Durante muito tempo depois da morte de Russo, a Legião continuou sendo a terceira maior vendedora de discos da Emi Odeon no mundo inteiro. É uma marca que impressiona, seja lá qual o ângulo que se queira olhar. Ou o fato de até hoje, ‘Há Tempos’ ter batido o recorde de pedidos de execuções nas rádios no dia do lançamento. Ou mesmo de apenas Frank Sinatra e Michael Jackson terem ocupado tanto tempo no Jornal Nacional no dia da própria morte como Renato Russo.
São números, índices. Para muitos não representa algo a mais do que isso. Mas volto a falar de contextualização, com base em algumas críticas que costumam ser associadas à Legião Urbana.
Critica-se a sonoridade da Legião Urbana. Vamos nos reportar à época. De 1982 a 1984, quando a Legião lançou ‘Será’, o cenário pop brasileiro tinha algumas vertentes bem delineadas no saco de gatos que era aquele nascente rock 80. Não cabem aqui análises sobre o punk paulista ou a vanguarda paulistana, movimentos mais undergrounds. Fiquemos no mainstream.

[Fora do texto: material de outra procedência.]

(* Let $\mathfrak{g}$ be a Leibniz algebra. Then $Z^{*}_{\mathrm{Lie}}(\mathfrak{g})=0$ if and only if for every non-zero $x\in Z_{\mathrm{Lie}}(\mathfrak{g})$ the natural map $\sigma_x:\mathcal{M}^{\mathrm{Lie}}(\mathfrak{g})\to\mathcal{M}^{\mathrm{Lie}}(\mathfrak{g}/\langle x\rangle)$ has non-trivial kernel, where $\langle x\rangle$ is the two-sided ideal generated by $x$.
   Context: Fix a field $\mathbb{K}$ with $\frac12\in\mathbb{K}$. A Leibniz algebra is a $\mathbb{K}$-vector space with a bilinear bracket satisfying $[x,[y,z]]=[[x,y],z]-[[x,z],y]$. $[\mathfrak{m},\mathfrak{n}]_{\mathrm{Lie}}$ is the span of all $[m,n]+[n,m]$. $Z_{\mathrm{Lie}}(\mathfrak{g})=\{z:[q,z]+[z,q]=0\ \forall q\in\mathfrak{g}\}$. A surjective homomorphism $f:\mathfrak{h}\to\mathfrak{g}$ is a $\mathrm{Lie}$-central extension if $\ker f\subseteq Z_{\mathrm{Lie}}(\mathfrak{h})$. The precise $\mathrm{Lie}$-center $Z^{*}_{\mathrm{Lie}}(\mathfrak{g})$ is the intersection of all $f(Z_{\mathrm{Lie}}(\mathfrak{h}))$ over all $\mathrm{Lie}$-central extensions $f:\mathfrak{h}\twoheadrightarrow\mathfrak{g}$. For a free presentation $0\to\mathfrak{r}\to\mathfrak{f}\to\mathfrak{g}\to0$ ($\mathfrak{f}$ free Leibniz), $\mathcal{M}^{\mathrm{Lie}}(\mathfrak{g})=\frac{\mathfrak{r}\cap[\mathfrak{f},\mathfrak{f}]_{\mathrm{Lie}}}{[\mathfrak{f},\mathfrak{r}]_{\mathrm{Lie}}}$; it is functorial, and the natural map $\sigma_x$ is the one induced by the quotient $\mathfrak{g}\to\mathfrak{g}/\langle x\rangle$ (with $\mathfrak{s}\subseteq\mathfrak{f}$ the preimage of $\langle x\rangle$, it sends $y+[\mathfrak{f},\mathfrak{r}]_{\mathrm{Lie}}$ to $y+[\mathfrak{f},\mathfrak{s}]_{\mathrm{Lie}}$). *)

From HB Require Import structures.
From mathcomp Require Import all_boot all_order all_algebra.
Set Implicit Arguments.
Unset Strict Implicit.
Unset Printing Implicit Defensive.
Import GRing.Theory.
Local Open Scope ring_scope.

Record leibniz (K : fieldType) := Leibniz {
  Lcar :> lmodType K;
  bra : Lcar -> Lcar -> Lcar;
  bra_linl : forall (a : K) (x y z : Lcar), bra (a *: x + y) z = a *: bra x z + bra y z;
  bra_linr : forall (a : K) (x y z : Lcar), bra z (a *: x + y) = a *: bra z x + bra z y;
  bra_leibniz : forall x y z : Lcar, bra x (bra y z) = bra (bra x y) z - bra (bra x z) y
}.
Arguments bra {K} l _ _.

Section Defs.
Variable K : fieldType.

Definition span (V : lmodType K) (S : V -> Prop) : V -> Prop :=
  fun v => exists (n : nat) (a : 'I_n -> K) (w : 'I_n -> V),
      (forall i, S (w i)) /\ v = \sum_(i < n) a i *: w i.

Definition lie_br (g : leibniz K) (M N : g -> Prop) : g -> Prop :=
  span (fun v => exists m n, M m /\ N n /\ v = bra g m n + bra g n m).

Definition ZLie (g : leibniz K) : g -> Prop :=
  fun z => forall q, bra g q z + bra g z q = 0.

Definition is_hom (h g : leibniz K) (f : h -> g) : Prop :=
  (forall (a : K) (x y : h), f (a *: x + y) = a *: f x + f y) /\
  (forall x y : h, f (bra h x y) = bra g (f x) (f y)).

Definition surj (A B : Type) (f : A -> B) : Prop := forall b, exists a, f a = b.

Definition lie_central_ext (h g : leibniz K) (f : h -> g) : Prop :=
  is_hom f /\ surj f /\ (forall y, f y = 0 -> ZLie y).
(* Let $k\ge0$, $f,g\in\mathbf P_k(\Gamma,\mathbb R^+;\mathbb C^3)$, and $\varphi\in C^\infty(\Gamma;\mathbb R^3)$ tangential ($\varphi\cdot n=0$). Then the problem: find $(u,v)\in C^\infty(\Gamma;C^\infty(\mathbb R^+))^2$ ($\mathbb C^3$-valued) with $$\partial_\eta v\times n+\tfrac1\omega u=e^{-\sqrt i\,\eta}f,\qquad -\partial_\eta u\times n+i\omega v=e^{-\sqrt i\,\eta}g\qquad\text{in }\Gamma\times\mathbb R^+,$$ $u(x_\Gamma,0)\times n=\varphi(x_\Gamma)$ for all $x_\Gamma\in\Gamma$, and $\int_0^\infty|u(x_\Gamma,\eta)|^2d\eta<\infty$, $\int_0^\infty|v(x_\Gamma,\eta)|^2d\eta<\infty$ for all $x_\Gamma\in\Gamma$, has a unique solution, and it is of the form $u=e^{-\sqrt i\,\eta}p$, $v=e^{-\sqrt i\,\eta}q$ with $p,q\in\mathbf P_{k+1}(\Gamma,\mathbb R^+;\mathbb C^3)$.
   Context: $\Gamma$ is a smooth closed surface in $\mathbb R^3$ with unit normal field $n$; $\omega>0$; $\sqrt i:=\frac{\sqrt2}{2}(1+i)$. Functions are of $(x_\Gamma,\eta)\in\Gamma\times\mathbb R^+$. $\mathbf P_k(\Gamma,\mathbb R^+;\mathbb C^3)$ denotes the set of functions $u(x_\Gamma,\eta)=\sum_{j=0}^k a_j(x_\Gamma)\eta^j$ with $a_j\in C^\infty(\Gamma;\mathbb C^3)$. *)

From Stdlib Require Import Reals.
Open Scope R_scope.

Record R3 := mkR3 { x1 : R; x2 : R; x3 : R }.
Record C := mkC { re : R; im : R }.
Record C3 := mkC3 { c1 : C; c2 : C; c3 : C }.

Definition dot (a b : R3) : R := x1 a * x1 b + x2 a * x2 b + x3 a * x3 b.
Definition dist3 (a b : R3) : R :=
  sqrt ((x1 a - x1 b)^2 + (x2 a - x2 b)^2 + (x3 a - x3 b)^2).
Lemma upper_vietoris_scott_open (W : KX X -> Prop) :
  upper_vietoris_open X W -> scott_open X W.
Proof.
  intros HW; split.
  - intros K L HK HKL; destruct (HW K HK) as [U [_ [HKU HUW]]].
    apply HUW; intros x Hx; apply HKU, HKL, Hx.
  - intros D HD s Hs HWs; destruct (HW s HWs) as [U [HU [HsU HUW]]].
    destruct (directed_meet_box D U HD HU) as [M [HM HMU]].
    { intros x Hx; apply HsU, (is_lub_meet D s x Hs Hx). }
    exists M; split; [exact HM | apply HUW, HMU].
Qed.

Lemma scott_open_chain (W : KX X -> Prop) (M : nat -> KX X) (K : KX X) :
  scott_open X W -> (forall n m, (n <= m)%nat -> Kle X (M n) (M m)) ->
  (forall n, Kle X (M n) K) -> (forall x, (forall n, Kset X (M n) x) -> Kset X K x) ->
  W K -> exists n, W (M n).
Proof.
  intros [_ HW] Hmono Hbound Hmeet HK.
  destruct (HW (fun A => exists n, A = M n)) with K as [A [[n ->] HA]].
  - split; [exists (M 0%nat), 0%nat; reflexivity|].
    intros A B [a ->] [b ->]; exists (M (max a b)); split; [exists (max a b); reflexivity|].
    split; apply Hmono; lia.
  - split; [intros A [n ->]; apply Hbound|].
    intros t Ht x Hx; apply Hmeet; intros n; apply (Ht (M n)); [exists n |]; auto.
  - exact HK.
  - exists n; exact HA.
Qed.

Section Tails.
Variables (K : KX X) (L : nat -> KX X).
Hypothesis L_near : forall m, box X (nbhd X (Kset X K) (/ (INR m + 1))) (L m).

Definition tail_set (n : nat) : X -> Prop :=
  fun x => Kset X K x \/ exists m, (n <= m)%nat /\ Kset X (L m) x.

Lemma tail_set_compact (n : nat) : is_compact X (tail_set n).
Proof.
  apply compact_ext with (fun x => Kset X K x \/ exists m, Kset X (L (n + m)%nat) x).
  { intros x; split; intros [Hx | [m Hm]]; try (left; exact Hx); right.
    - exists (n + m)%nat; split; [lia | exact Hm].
    - destruct Hm as [Hnm Hm]; exists (m - n)%nat.
      replace (n + (m - n))%nat with m by lia; exact Hm. }
  apply compact_union_converging;
    [exact (proj2 (proj2_sig K)) | intros m; exact (proj2 (proj2_sig (L (n + m)%nat))) |].
  intros e He; destruct (exists_inv_succ_lt e He) as [N HN]; exists N.
  intros m Hm x Hx; apply (nbhd_mono X _ (/ (INR (n + m) + 1))), L_near, Hx.
  pose proof (inv_succ_antitone N (n + m) ltac:(lia)); lra.
Qed.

Pois bem, esse cenário era recheado de bandas digamos ‘praieiras’, ‘luminosas’. Era a tal ‘niueive’, como ironizavam na época. Placa Luminosa, Herva Doce, Rádio Taxi, Grafitte, Absintho, Dr. Silvana, entre outras, disputavam espaço com Blitz, Kid Abelha, Paralamas, Titãs. Entre 1982 e 1984, as duas únicas bandas que efetivamente estavam razoavelmente no mainstream e fugiam da estética predominante de letras pueris, visual coloridinho e músicas com batidas semelhantes eram Barão Vermelho e Camisa de Vênus. Ambas lançaram os primeiros discos em 1982. Barão era mais visceral que seus pares, muito pela influência stoneana e pelas letras de Cazuza. Já o Camisa transformava músicas de bandas punks como The Jam e Buzzocks em suas (o que eram “Passatempo” e “O Adventista”?).
Só que tanto Barão Vermelho quanto Camisa de Vênus ressentiam-se de uma produção mais adequada às ideias sonoras que possuíam. Vale destacar que havia uma espécie de fórmula para as músicas. A bateria com uma sonoridade meio computadorizada, típica da New Wave, o baixo quase sem força e uns solinhos de guitarra com mixagem baixa e sem potência alguma.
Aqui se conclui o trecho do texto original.